そんな空気を察して、中学のときは生徒会長には立候補しなかった。

だが、副会長にはなった。

■大人の恋愛はグロテスクで怖かった

「私は、好きだと思ったら告白するタイプ。言わずにはいられないんです」

中学2年のとき、好きな男の子に告白して付き合った。

「すごくカッコいい彼で、大縄跳びで縄を回す役をやってた人でした(笑)」

彼氏とはデートをしたりして、それなりに恋愛を楽しんでいた。

中学になると、みんな性のことに関心を持つ。

友だちとの会話のなかで、男女の性行為のことを知った。

「エロ本をはじめて見たとき、『うわっ!グロテスク・・・・・・』って思ったのを覚えてます」

まわりの子のように興味が湧いたのではなく、怖いと思った。

だから、彼氏とも別れた。

「彼氏とキスをしても、その先に “グロテスク” があると思ったら、恋愛とかしたくなくなっちゃったんです」

もしかすると、レズビアンかもしれない

彼氏がいる一方で、可愛い女の子も好きだった。

ある女の子のことが好きになった。

「その子には、『好きだよ』って気持ちを伝えて、猛アピールしてました」

その子は、手をつないだりしてくれて、明らかに「仲良しな友だち」を超えたスキンシップもあった。
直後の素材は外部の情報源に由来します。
Lemma gram_kernel_sum (T : Type) (r : seq T) (P : pred T)
    (Ks : T -> ('I_k -> G) -> ('I_k -> G) -> R[i]) :
  (forall t, P t -> gram_kernel (Ks t)) ->
  gram_kernel (fun g h => \sum_(t <- r | P t) Ks t g h).
Proof.
move=> gramK; elim: r => [|t r IHr].
  by exists [::] => g h; rewrite !big_nil.
case Pt: (P t).
  by apply: gram_kernel_eq (gram_kernelD (gramK t Pt) IHr) => g h; rewrite big_cons Pt.
by apply: gram_kernel_eq IHr => g h; rewrite big_cons Pt.
Qed.

Lemma gram_kernel_prod (T : Type) (r : seq T) (P : pred T)
    (Ks : T -> ('I_k -> G) -> ('I_k -> G) -> R[i]) :
  (forall t, P t -> gram_kernel (Ks t)) ->
  gram_kernel (fun g h => \prod_(t <- r | P t) Ks t g h).
Proof.
move=> gramK; elim: r => [|t r IHr].
  by apply: gram_kernel_eq gram_kernel1 => g h; rewrite big_nil.
case Pt: (P t).
  by apply: gram_kernel_eq (gram_kernelM (gramK t Pt) IHr) => g h; rewrite big_cons Pt.
by apply: gram_kernel_eq IHr => g h; rewrite big_cons Pt.
Qed.

End SeparableFunctions.

Section IteratedIntegral.
Variables (R : realType) (G : ptopologicalType) (mu : probability (borelG G) R).
Hypothesis compactG : compact [set: G].
Variable one : G.
Local Notation ccfun := (ccfun R G).
Local Notation integral := (integral_Gk mu one).

Lemma integral_Gk_sepsum k (s : seq (R[i] * ('I_k -> ccfun))) :
  integral (sepsum s) = \sum_(p <- s) p.1 * \prod_(v < k) cintegral mu (p.2 v).
Proof.
elim: k s => [|k IHk] s.
  by apply: eq_bigr => p _; rewrite !big_ord0.
have slice x : integral (fun h => sepsum s (tcons x h)) =
    \sum_(p <- s) p.1 * p.2 ord0 x * \prod_(v < k) cintegral mu (p.2 (lift ord0 v)).
  pose s' := [seq (p.1 * p.2 ord0 x, fun v => p.2 (lift ord0 v))
               | p : R[i] * ('I_k.+1 -> ccfun) <- s].
  have -> : (fun h => sepsum s (tcons x h)) = sepsum s'.
    apply/funext => h; rewrite /sepsum big_map; apply: eq_bigr => p _ /=.
    rewrite big_ord_recl /tcons unlift_none mulrA; congr (_ * _).
    by apply: eq_bigr => v _; rewrite liftK.
  by rewrite IHk big_map.
rewrite /= -/integral; under eq_fun do rewrite slice.
rewrite cintegral_sum //; last first.
  move=> p; apply: ccontinuousM; last exact: ccontinuous_cst.
  exact: ccontinuousM (ccontinuous_cst _ _) (ccfunP _).
apply: eq_bigr => p _.
under eq_fun do rewrite mulrAC.
by rewrite cintegralZl ?big_ord_recl //; [ring | apply: ccfunP].
Qed.

Lemma integral_Gk_eq_sepsum k (F : ('I_k -> G) -> R[i]) s : F =1 sepsum s ->
  integral F = \sum_(p <- s) p.1 * \prod_(v < k) cintegral mu (p.2 v).
Proof. by move=> /funext ->; apply: integral_Gk_sepsum. Qed.

Lemma integral_Gk_cst k c : integral (fun _ : 'I_k -> G => c) = c.
Proof.
rewrite (@integral_Gk_eq_sepsum _ _ [:: (c, fun _ => ccfun_cst _ 1)]).
  by rewrite big_seq1 /= big1 ?mulr1 // => v _; apply: cintegral_cst.
by move=> g; rewrite /sepsum big_seq1 /= big1 ?mulr1.
Qed.

Lemma integral_GkD k (F1 F2 : ('I_k -> G) -> R[i]) :
  separable_fun F1 -> separable_fun F2 ->
  integral (fun g => F1 g + F2 g) = integral F1 + integral F2.
Proof.
move=> [s1 H1] [s2 H2].
rewrite (integral_Gk_eq_sepsum H1) (integral_Gk_eq_sepsum H2) -big_cat.
by apply: integral_Gk_eq_sepsum => g; rewrite H1 H2 /sepsum big_cat.
Qed.

Lemma integral_GkZl k c (F : ('I_k -> G) -> R[i]) :
  separable_fun F -> integral (fun g => c * F g) = c * integral F.
Proof.
move=> [s H]; rewrite (integral_Gk_eq_sepsum H).
rewrite (@integral_Gk_eq_sepsum _ _ [seq (c * p.1, p.2) | p <- s]).
  by rewrite big_map mulr_sumr; apply: eq_bigr => p _; rewrite mulrA.
by move=> g; rewrite H /sepsum big_map mulr_sumr; apply: eq_bigr => p _; rewrite mulrA.
Qed.

Lemma integral_GkJ k (F : ('I_k -> G) -> R[i]) :
  separable_fun F -> integral (fun g => Num.conj (F g)) = Num.conj (integral F).
Proof.
move=> [s H]; rewrite (integral_Gk_eq_sepsum H).
rewrite (@integral_Gk_eq_sepsum _ _
    [seq (Num.conj p.1, fun v => CCFun (ccontinuousJ (ccfunP (p.2 v)))) | p <- s]).
  rewrite big_map rmorph_sum; apply: eq_bigr => p _ /=.
  rewrite rmorphM rmorph_prod; congr (_ * _); apply: eq_bigr => v _.
  by apply: cintegralJ => //; apply: ccfunP.
by move=> g; rewrite H /sepsum big_map rmorph_sum; apply: eq_bigr => p _ /=;
  rewrite rmorphM rmorph_prod.
Qed.
(* For all positive integers $r$ and $N$ there exists a partition $\mathbb N=A_1\cup A_2\cup\cdots\cup A_r$ into pairwise disjoint sets such that (i) $A_i-n$ is a central set for every $1\le i\le r$ and every $1\le n\le N$; and (ii) for every $n>N$, exactly one of the sets $A_1-n,A_2-n,\dots,A_r-n$ is a central set.
   Context: $\mathbb N=\{0,1,2,\dots\}$; for $A\subseteq\mathbb N$ and $n\in\mathbb N$, $A-n=\{m\in\mathbb N: m+n\in A\}$. $\beta\mathbb N$ is the set of ultrafilters on $\mathbb N$ with addition $A\in p+q$ iff $\{n:A-n\in p\}\in q$; a minimal idempotent is a non-principal ultrafilter $p$ with $p+p=p$ lying in the smallest two-sided ideal of $\beta\mathbb N$; a set is central if it belongs to some minimal idempotent. *)

From Stdlib Require Import Arith.

Definition nset := nat -> Prop.

Definition shift (A : nset) (n : nat) : nset := fun m => A (m + n).

Definition is_ultrafilter (p : nset -> Prop) : Prop :=
  p (fun _ => True) /\
  ~ p (fun _ => False) /\
  (forall A B : nset, p A -> (forall m, A m -> B m) -> p B) /\
  (forall A B : nset, p A -> p B -> p (fun m => A m /\ B m)) /\
  (forall A : nset, p A \/ p (fun m => ~ A m)).

Definition nonprincipal (p : nset -> Prop) : Prop :=
  forall n : nat, ~ p (fun m => m = n).

Definition uadd (p q : nset -> Prop) : nset -> Prop :=
  fun A => q (fun n => p (shift A n)).

Definition ueq (p q : nset -> Prop) : Prop := forall A : nset, p A <-> q A.

Definition two_sided_ideal (I : (nset -> Prop) -> Prop) : Prop :=
  (exists p, is_ultrafilter p /\ I p) /\
  (forall p, I p -> is_ultrafilter p) /\
  (forall p q, I p -> is_ultrafilter q -> I (uadd p q) /\ I (uadd q p)).

Definition in_K (p : nset -> Prop) : Prop :=
  is_ultrafilter p /\ forall I, two_sided_ideal I -> I p.

Definition minimal_idempotent (p : nset -> Prop) : Prop :=
  is_ultrafilter p /\ nonprincipal p /\ ueq (uadd p p) p /\ in_K p.

Definition central (A : nset) : Prop :=
  exists p, minimal_idempotent p /\ p A.

(* Write v for the 2-adic valuation and colour y in N as follows: if
   s := y mod 2^N lies in [1, N], give y the colour 1 + (v (y - s) mod r);
   otherwise give it colour 1.  For 1 <= n <= N and every colour i, the set
   {x in 2^N N : x > 0, v x = i - 1 mod r} lies in A_i - n; it belongs to a
   minimal idempotent because it is 2-adically open and meets every 2^j N.
   For n > N the colour of x + n is constant on some 2^J N; since every
   idempotent contains 2^J N, exactly one A_i - n is central. *)

From Stdlib Require Import Arith Lia Classical FunctionalExtensionality PropExtensionality.
From mathcomp Require classical_sets boolp.

Lemma zorn_pred (X : Type) (P : X -> Prop) (R : X -> X -> Prop) (x0 : X) :
  P x0 ->
  (forall x, R x x) -> (forall x y z, R x y -> R y z -> R x z) ->
  (forall A : X -> Prop, (forall x, A x -> P x) ->
     (forall x y, A x -> A y -> R x y \/ R y x) -> (exists x, A x) ->
     exists u, P u /\ forall x, A x -> R x u) ->
  exists m, P m /\ forall x, P x -> R m x -> R x m.
Proof.
  intros Hx0 Hrefl Htrans Hchain.
  destruct (@classical_sets.ZL_preorder {x | P x} (exist _ x0 Hx0)
              (fun a b => boolp.asbool (R (proj1_sig a) (proj1_sig b))))
    as [[m Hm] Hmax].
  - intro a. apply boolp.asboolT, Hrefl.
  - intros a b c Hab Hbc. apply boolp.asboolT.
    apply boolp.asboolW in Hab, Hbc. eauto.
  - intros A HA. destruct (classic (exists a, A a)) as [[a0 Ha0]|Hempty].
    + destruct (Hchain (fun x => exists a, A a /\ proj1_sig a = x)) as [u [Pu Hu]].
      * intros x [a [_ <-]]. apply proj2_sig.
      * intros x y [a [Ha <-]] [b [Hb <-]].
        destruct (HA a b Ha Hb); [left|right]; apply boolp.asboolW; assumption.
      * eauto.
      * exists (exist _ u Pu). intros a Ha. apply boolp.asboolT, Hu. eauto.
    + exists (exist _ x0 Hx0). intros a Ha. exfalso. eauto.
  - exists m. split; [exact Hm|]. intros x Px Rmx.
    apply boolp.asboolW, (Hmax (exist _ x Px)), boolp.asboolT, Rmx.
Qed.

Definition uf := nset -> Prop.

Section Ultrafilter.
Variable p : uf.
Hypothesis Hp : is_ultrafilter p.

Lemma uf_top : p (fun _ => True). Proof. apply Hp. Qed.
Lemma uf_bot : ~ p (fun _ => False). Proof. apply Hp. Qed.
Lemma uf_up A B : p A -> (forall m, A m -> B m) -> p B. Proof. apply Hp. Qed.
Lemma uf_cap A B : p A -> p B -> p (fun m => A m /\ B m). Proof. apply Hp. Qed.
Lemma uf_comp A : p A \/ p (fun m => ~ A m). Proof. apply Hp. Qed.

Lemma uf_ne A : p A -> exists m, A m.
Proof.
  intro HA. apply NNPP. intro Hempty. apply uf_bot. apply (uf_up _ _ HA).
  intros m Hm. apply Hempty. eauto.
Qed.

Lemma uf_compl A : ~ p A -> p (fun m => ~ A m).
Proof. intro H. destruct (uf_comp A); tauto. Qed.

Lemma uf_not A : p A -> p (fun m => ~ A m) -> False.
Proof. intros H1 H2. destruct (uf_ne _ (uf_cap _ _ H1 H2)) as [m [? ?]]. tauto. Qed.
End Ultrafilter.

Lemma uf_eq p q : is_ultrafilter p -> is_ultrafilter q -> (forall A, p A -> q A) -> p = q.
Proof.
  intros Hp Hq H. apply functional_extensionality. intro A.
  apply propositional_extensionality. split; [apply H|].
  intro HA. apply NNPP. intro HnA. apply (uf_not q Hq A HA), H, uf_compl; assumption.
Qed.

Record filter (F : uf) : Prop := {
  filter_top : F (fun _ => True);
  filter_ne : forall X, F X -> exists m, X m;
  filter_up : forall X Y, F X -> (forall m, X m -> Y m) -> F Y;
  filter_cap : forall X Y, F X -> F Y -> F (fun m => X m /\ Y m) }.

(* A filter that no filter properly extends is an ultrafilter: if neither A
   nor its complement were in F, adjoining A would give a larger filter. *)
Lemma maximal_filter_ultra F :
  filter F ->
  (forall G, filter G -> (forall X, F X -> G X) -> forall X, G X -> F X) ->
  is_ultrafilter F.
Proof.
  intros [Htop Hne Hup Hcap] Hmax.
  split; [exact Htop|split; [|split; [exact Hup|split; [exact Hcap|]]]].
  - intro Hbot. destruct (Hne _ Hbot) as [m []].
  - intro A. destruct (classic (F (fun m => ~ A m))) as [HnA|HnA]; [right; exact HnA|left].
    set (G := fun X => exists Y, F Y /\ forall m, A m -> Y m -> X m).
    assert (HG : filter G).
    { constructor.
      - exists (fun _ => True). auto.
      - intros X [Y [HY HYX]]. apply NNPP. intro Hempty. apply HnA.
        apply (Hup _ _ HY). intros m Hm HAm. apply Hempty. eauto.
      - intros X Y [Z [HZ HZX]] HXY. exists Z. auto.
      - intros X Y [Z1 [HZ1 H1]] [Z2 [HZ2 H2]]. exists (fun m => Z1 m /\ Z2 m).
        split; [auto|]. intros m Hm [? ?]. auto. }
    apply (Hmax G HG).
    + intros X HX. exists X. auto.
    + exists (fun _ => True). auto.
Qed.

Lemma chain_union_filter (A : uf -> Prop) :
  (forall F, A F -> filter F) ->
  (forall F G, A F -> A G -> (forall X, F X -> G X) \/ (forall X, G X -> F X)) ->
  (exists F, A F) ->
  filter (fun X => exists F, A F /\ F X).
Proof.
  intros HA Hchain [F0 HF0]. constructor.
  - exists F0. split; [exact HF0|apply filter_top, HA, HF0].
  - intros X [F [HF HX]]. exact (filter_ne _ (HA F HF) X HX).
  - intros X Y [F [HF HX]] HXY. exists F. split; [exact HF|].
    exact (filter_up _ (HA F HF) X Y HX HXY).
  - intros X Y [F [HF HX]] [G [HG HY]].
    destruct (Hchain F G HF HG) as [HFG|HGF].
    + exists G. split; [exact HG|]. apply (filter_cap _ (HA G HG)); auto.
    + exists F. split; [exact HF|]. apply (filter_cap _ (HA F HF)); auto.
Qed.

Lemma filter_extends F : filter F -> exists p, is_ultrafilter p /\ forall X, F X -> p X.
Proof.
  intro HF.
  destruct (zorn_pred uf (fun G => filter G /\ forall X, F X -> G X)
              (fun G H => forall X, G X -> H X) F) as [M [[HM HFM] Hmax]].
  - auto.
  - auto.
  - auto.
  - intros A HA Hch Hne. exists (fun X => exists G, A G /\ G X). split.
    + split.
      * apply chain_union_filter; [intros G HG; apply HA, HG|exact Hch|exact Hne].
      * destruct Hne as [G HG]. intros X HX. exists G. split; [exact HG|apply HA; auto].
    + intros G HG X HX. eauto.
  - exists M. split; [|exact HFM]. apply maximal_filter_ultra; [exact HM|].
    intros G HG HMG. apply Hmax; [split|]; auto.
Qed.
「まわりの子たちも、『おや?』っていう感じで見てたと思います」

単刀直入に「内藤ってレズなの?」と聞かれたことがある。

「『うーん、私ってレズなのかなー』っていう感じで答えてました。実際に、当時は分からなかったんです」

「レズなのかも」と答えても、まわりの友だちに引かれることはなかった。

だが、相手の女の子には徐々に嫌われていく。

「ずっとベタベタくっついてたから、途中からちょっとうとましく思われてたと思います」

04いじめられる生徒会長

高校でも生徒会長に

高校は三浦市の隣の進学校へ入学した。

高校でも生徒会に入りたかったが、入学して少し戸惑う。

小学校・中学校と生徒会は花形だったが、高校ではまったく違い、生徒会の存在感が感じられなかった。

高校に入っても、目立ちたがりな性格は健在。

「そんな生徒会だからこそ『変えたい』『もっと華やかにしたい』と思って、会長に立候補しました」

高校1年から生徒会長に就任した。

持ち前のキャラクターで友だちもつくったが、同時に敵もつくった。

「高校時代は、クラスの男子に嫌われてました。たぶん、私の発言とか行動とか、全部目障りだったんだと思います(苦笑)」

さらにこの後、決定的に嫌われることになる原因を、自分でつくってしまう。

テレビでの失言がいじめに発展

そもそも、隣の市の進学校に入ったのは、「自分を驚かせてくれるような人に出会いたかったから」。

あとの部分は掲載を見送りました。